Tuesday, July 29, 2014

The Best 7 Easy Ways To Grow Your Breasts Size Faster



Having a large bust is appealing to most all women. It makes them feel more attractive, better looking to the opposite sex and helps a woman feel more like a woman. Breasts are saw as feminine and beautiful, and if you do not have large breasts you may want to make a change and increase the size of your breasts.



Should You Have a Breast Augmentation?

We all know that breast augmentation is an option to increase the size of the bust, however this is very risky, not to mention expensive. Whether you are worried about the risks associated with a breast augmentation or simply do not have the cash needed, you will find comfort knowing that there are many natural ways to increase the size of your breasts.
Here we will share with you 7 ways to naturally grow your breast size faster. Use all 7 of these tips and before you know it you will be looking in the mirror and a beautiful set of breasts that gets you the attention and confidence that you want and need.

Tips to Increase Your Breast Size

Here are the 7 tips that you need to increase the size of your breasts. Use each and every one of them and before you know it you will love looking in the mirror at the lovely breasts you have acquired. These breast enhancement tips work well for most all women.

1. Wear the Right Size Bra

Did you know that wearing the wrong size bra can affect the size of your breasts? It is true! It is estimated that around 90% of all women are wearing the wrong size bra, and this can cause you to appear a few sizes smaller than what you actually are. Wouldn’t it be wonderful to go from a 34B to a 34DD? Sounds pretty exciting if you ask me, and the fact that you will feel much more comfortable in the right bra is an added bonus.
To determine your true bra size take advantage of a free measuring at a lingerie or bra store. Most of them offer this to you, and within seconds of it being performed you will know the exact size of bra you should be wearing.

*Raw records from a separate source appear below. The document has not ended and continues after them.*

(* Let $T$ be a commutative ring with identity, $S$ a unital subring of $T$ and $I$ a non-zero nil ideal of $T$ such that $T=S+I$ and $S\cap I=\{0\}$. The following are equivalent: (1) $T$ is semi-complemented; (2) $T$ has Property $D$; (3) $S$ has Property $D$ and $I$ is a torsion-free $S$-module.
   Context: All rings are commutative with identity $\neq 0$. $\mathfrak{N}(R)$ is the nilradical and $\mathrm{reg}(R)$ the set of regular elements (non-zero-divisors) of $R$. An element $a$ is complemented if there is $b$ with $ab=0$ and $a+b\in\mathrm{reg}(R)$. $R$ is semi-complemented if every element of $R\setminus\mathfrak{N}(R)$ is complemented. $R$ has Property $D$ if $R\setminus\mathfrak{N}(R)=\mathrm{reg}(R)$. An ideal is nil if it consists of nilpotent elements. An $S$-module $M$ is torsion-free if $rm=0$ with $r\in\mathrm{reg}(S)$, $m\in M$ implies $m=0$. *)

From HB Require Import structures.
From mathcomp Require Import all_boot all_algebra.
Set Implicit Arguments. Unset Strict Implicit. Unset Printing Implicit Defensive.
Import GRing.Theory.
Local Open Scope ring_scope.

Definition nilpotent_el (R : comNzRingType) (x : R) : Prop :=
  exists n : nat, x ^+ n = 0.

Definition regular_el (R : comNzRingType) (x : R) : Prop :=
  forall y : R, x * y = 0 -> y = 0.

Definition complemented (R : comNzRingType) (a : R) : Prop :=
  exists b : R, a * b = 0 /\ regular_el (a + b).

Definition semi_complemented (R : comNzRingType) : Prop :=
  forall a : R, ~ nilpotent_el a -> complemented a.

Definition propertyD (R : comNzRingType) : Prop :=
  forall a : R, ~ nilpotent_el a <-> regular_el a.

Definition is_ideal (R : comNzRingType) (I : {pred R}) : Prop :=
  [/\ 0 \in I,
      (forall x y, x \in I -> y \in I -> x + y \in I),
      (forall x, x \in I -> - x \in I) &
      (forall r x, x \in I -> r * x \in I)].

Definition nil_ideal (R : comNzRingType) (I : {pred R}) : Prop :=
  is_ideal I /\ (forall x, x \in I -> nilpotent_el x).

(* I, viewed as an S-module via f : S -> T, is torsion-free *)
Definition torsion_free_via (S T : comNzRingType) (f : S -> T) (I : {pred T}) : Prop :=
  forall (r : S) (m : T), regular_el r -> m \in I -> f r * m = 0 -> m = 0.

From HB Require Import structures.
From mathcomp Require Import all_boot all_algebra.
From mathcomp Require Import ring.
From Stdlib Require Import Classical_Prop.
Import GRing.Theory.
Local Open Scope ring_scope.
Set Implicit Arguments. Unset Strict Implicit.

(* If a is not nilpotent and b complements it, then for every x in the nil
   ideal I the element a + x is still not nilpotent, hence complemented, and
   this forces b x = 0.  Were b not nilpotent, symmetrically a x = 0, so
   (a + b) x = 0 and I = 0; hence b is nilpotent and a = (a + b) - b is regular.
   For T = S + I, let s be regular in S and (f s + i) y = 0 with y = f s' + j.
   The S-component gives s s' = 0, so s' = 0, and then (f s)^k j = (-i)^k j = 0
   for large k, so j = 0 by torsion-freeness. *)

Section Nilpotent.

Variable R : comNzRingType.
Implicit Types a b n u x y : R.

Lemma regular_not_nilpotent x : regular_el x -> ~ nilpotent_el x.
Proof.
move=> rx [k]; elim: k => [|k IHk].
  by rewrite expr0 => /eqP; rewrite oner_eq0.
by move=> xk0; apply: IHk; apply: rx; rewrite -exprS.
Qed.

Lemma regularM x y : regular_el x -> regular_el y -> regular_el (x * y).
Proof. by move=> rx ry z; rewrite -mulrA => /rx /ry. Qed.

Lemma regularX x k : regular_el x -> regular_el (x ^+ k).
Proof.
move=> rx; elim: k => [|k IHk]; first by move=> y; rewrite expr0 mul1r.
by rewrite exprS; apply: regularM.
Qed.

Lemma nilpotentN n : nilpotent_el n -> nilpotent_el (- n).
Proof. by case=> k nk; exists k; rewrite exprNn nk mulr0. Qed.

Lemma nilpotentMl b n : nilpotent_el n -> nilpotent_el (b * n).
Proof. by case=> k nk; exists k; rewrite exprMn nk mulr0. Qed.

Lemma nilpotent_of_expr x k : nilpotent_el (x ^+ k) -> nilpotent_el x.
Proof. by case=> m xkm; exists (k * m)%N; rewrite exprM. Qed.

Lemma mulr_addr_nilpotent_exp u n y :
  (u + n) * y = 0 -> nilpotent_el n -> exists k, u ^+ k * y = 0.
Proof.
move=> uny0 [k nk]; exists k.
have uy : u * y = - n * y by apply/eqP; rewrite -subr_eq0 mulNr opprK -mulrDl uny0.
suff -> : u ^+ k * y = (- n) ^+ k * y by rewrite exprNn nk mulr0 mul0r.
elim: k {nk} => [|k IHk]; first by rewrite !expr0.
by rewrite !exprS -!mulrA -IHk mulrCA uy mulrCA.
Qed.

Lemma regularD_nilpotent u n :
  regular_el u -> nilpotent_el n -> regular_el (u + n).
Proof.
move=> ru nn y uny0; have [k uky0] := mulr_addr_nilpotent_exp uny0 nn.
exact: regularX ru _ uky0.
Qed.

(* If d complements c = a + n, then g = b c = b n is nilpotent and satisfies
   g^2 = g v for the regular v = (a + b)(c + d); hence g = 0. *)
Lemma complemented_addr_nilpotent a b n :
  a * b = 0 -> regular_el (a + b) -> nilpotent_el n ->
  complemented (a + n) -> b * n = 0.
Proof.
move=> ab0 rab nn [d [cd0 rcd]]; set c := a + n in cd0 rcd.
set g := b * c; set v := (a + b) * (c + d).
have gE : g = b * n by rewrite /g /c mulrDr (mulrC b a) ab0 add0r.
have rv : regular_el v by apply: regularM.
have g2 : g * g = g * v.
  have bb : b * b = b * (a + b) by rewrite mulrDr (mulrC b a) ab0 add0r.
  have cc : c * c = c * (c + d) by rewrite [RHS]mulrDr cd0 addr0.
  rewrite /g /v; transitivity ((b * b) * (c * c)); first ring.
  by rewrite bb cc; ring.
have gX k : g ^+ k.+1 = g * v ^+ k.
  elim: k => [|k IHk]; first by rewrite expr1 expr0 mulr1.
  by rewrite exprSr IHk -mulrA mulrCA g2 mulrCA -exprSr.
have [k gk] : nilpotent_el g by rewrite gE; apply: nilpotentMl.
rewrite -gE; apply: (regularX (k := k) rv).
by rewrite mulrC -gX exprS gk mulr0.
Qed.

End Nilpotent.

Section Ideal.

Variables (R : comNzRingType) (I : {pred R}).

Lemma exprD_subr_ideal : is_ideal I ->
  forall a i k, i \in I -> (a + i) ^+ k - a ^+ k \in I.
Proof.
case=> I0 ID _ IM a i k iI; elim: k => [|k IHk]; first by rewrite subrr.
have -> : (a + i) ^+ k.+1 - a ^+ k.+1 = a ^+ k * i + (a + i) * ((a + i) ^+ k - a ^+ k).
  by rewrite !exprS; ring.
by apply: ID; apply: IM.
Qed.

Lemma nilpotentD_nil_ideal : nil_ideal I ->
  forall a i, i \in I -> nilpotent_el (a + i) <-> nilpotent_el a.
Proof.
move=> [Iid Inil] a i iI; have Ik k := exprD_subr_ideal Iid a k iI.
case: Iid => _ _ IN _.
split=> [[k aik]|[k ak]]; move: (Ik k).
  by rewrite aik sub0r => /IN; rewrite opprK => /Inil /nilpotent_of_expr.
by rewrite ak subr0 => /Inil /nilpotent_of_expr.
Qed.

End Ideal.

Lemma propertyD_semi_complemented (R : comNzRingType) :
  propertyD R -> semi_complemented R.
Proof.
move=> D a na; exists 0; split; first by rewrite mulr0.
by rewrite addr0; apply/D.
Qed.

Lemma semi_complemented_propertyD (R : comNzRingType) (I : {pred R}) :
  nil_ideal I -> (exists x, x \in I /\ x != 0) ->
  semi_complemented R -> propertyD R.
Proof.
move=> Inl [x [xI nx0]] sc a; split; last exact: regular_not_nilpotent.
move=> na; have [b [ab0 rab]] := sc a na.
have xn : nilpotent_el x by case: Inl => _; apply.
have naxn c : ~ nilpotent_el c -> ~ nilpotent_el (c + x).
  by move=> nc; rewrite (nilpotentD_nil_ideal Inl _ xI).
have bx0 : b * x = 0.
  exact: complemented_addr_nilpotent ab0 rab xn (sc _ (naxn _ na)).
have [nb|nb] := classic (nilpotent_el b).
  by rewrite -[a](addrK b); apply: regularD_nilpotent (nilpotentN nb).
have ax0 : a * x = 0.
  rewrite addrC in rab; rewrite mulrC in ab0.
  exact: complemented_addr_nilpotent ab0 rab xn (sc _ (naxn _ nb)).
by case/eqP: nx0; apply: rab; rewrite mulrDl ax0 bx0 addr0.
Qed.

Section Morphism.

Variables (S T : comNzRingType) (f : {rmorphism S -> T}).
Hypothesis f_inj : injective f.

Lemma nilpotent_rmorph s : nilpotent_el (f s) <-> nilpotent_el s.
Proof.
split=> -[k sk]; exists k; last by rewrite -rmorphXn sk rmorph0.
by apply: f_inj; rewrite rmorphXn sk rmorph0.
Qed.

Lemma regular_rmorph_propertyD s :
  propertyD T -> ~ nilpotent_el s -> regular_el (f s).
Proof. by move=> DT ns; apply/DT; rewrite nilpotent_rmorph. Qed.

Lemma propertyD_rmorph : propertyD T -> propertyD S.
Proof.
move=> DT s; split=> [ns y sy0|]; last exact: regular_not_nilpotent.
apply: f_inj; rewrite rmorph0; apply: (regular_rmorph_propertyD DT ns).
by rewrite -rmorphM sy0 rmorph0.
Qed.

Lemma torsion_free_propertyD (I : {pred T}) :
  propertyD T -> torsion_free_via f I.
Proof.
move=> DT r m rr _.
exact: regular_rmorph_propertyD DT (regular_not_nilpotent rr) m.
Qed.

End Morphism.

Section Decomposition.

Variables (S T : comNzRingType) (f : {rmorphism S -> T}) (I : {pred T}).
Hypotheses (f_inj : injective f) (Inl : nil_ideal I).
Hypothesis T_decomp : forall t : T, exists (s : S) (i : T), i \in I /\ t = f s + i.
Hypothesis S_capI : forall s : S, f s \in I -> s = 0.

Lemma regular_rmorphD_ideal s i :
  torsion_free_via f I -> regular_el s -> i \in I -> regular_el (f s + i).
Proof.
case: Inl => -[_ ID IN IM] Inil tf rs iI y ty0.
have [s' [j [jI yE]]] := T_decomp y.
have ss'0 : s * s' = 0.
  apply: S_capI; have -> : f (s * s') = - (f s * j + i * y).
    by apply/eqP; rewrite -addr_eq0 rmorphM -ty0 yE; apply/eqP; ring.
  by apply: IN; apply: ID; [apply: IM | rewrite mulrC; apply: IM].
move: ty0; rewrite yE (rs _ ss'0) rmorph0 add0r => ty0.
have [k skj0] := mulr_addr_nilpotent_exp ty0 (Inil _ iI).
by apply: (tf (s ^+ k)) => //; [apply: regularX | rewrite rmorphXn].
Qed.

Lemma propertyD_decomposition :
  propertyD S -> torsion_free_via f I -> propertyD T.
Proof.
move=> DS tf t; split=> [nt|]; last exact: regular_not_nilpotent.
have [s [i [iI tE]]] := T_decomp t; rewrite tE in nt *.
have ns : ~ nilpotent_el s.
  by move=> /(nilpotent_rmorph f_inj) /(nilpotentD_nil_ideal Inl _ iI).
by apply: regular_rmorphD_ideal => //; apply/DS.
Qed.

End Decomposition.

Unset Implicit Arguments. Set Strict Implicit.

Theorem mainTheorem2 (T S : comNzRingType) (f : {rmorphism S -> T})
  (I : {pred T}) :
  injective f ->
  nil_ideal I ->
  (exists x : T, x \in I /\ x != 0) ->
  (forall t : T, exists (s : S) (i : T), i \in I /\ t = f s + i) ->
  (forall s : S, f s \in I -> s = 0) ->
  [/\ (semi_complemented T <-> propertyD T),
      (propertyD T <-> (propertyD S /\ torsion_free_via f I)) &
      (semi_complemented T <-> (propertyD S /\ torsion_free_via f I))].
Proof.
move=> f_inj Inl nzI T_decomp S_capI.
have sc_D : semi_complemented T <-> propertyD T.
  split; first exact: semi_complemented_propertyD Inl nzI.
  exact: propertyD_semi_complemented.
have D_ST : propertyD T <-> propertyD S /\ torsion_free_via f I.
  split=> [DT | [DS tf]]; last exact: propertyD_decomposition f_inj Inl T_decomp S_capI DS tf.
  by split; [exact: propertyD_rmorph f_inj DT | exact: (torsion_free_propertyD f_inj DT)].
by split=> //; rewrite sc_D.
Qed.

2. Wear a Different Kind of Bra

As a woman you are certainly aware of the fact that there are many different types of bras out there. If you are wearing a regular bra, consider using a push-up bra or a padded bra. These bras may not actually cause your breast size to grow, but it will instantly add the effect of larger breasts. These bras do not cost any more than a regular bra but they can certainly help women with smaller breasts feel great about themselves. Take a look at some of these different bras and you can determine which one will benefit you the most.

3. Pectoral Exercises

It is no secret that performing exercises can help increase your bust size. Make a commitment to exercising and utilize pectoral exercises when you do. These exercises include push-ups, chair ups, chair lifts, bench presses and dumbbell flies. At least three to four times per week make sure that you perform a series of these exercises and you will see a tremendous difference in the size of breasts in a quick amount of time.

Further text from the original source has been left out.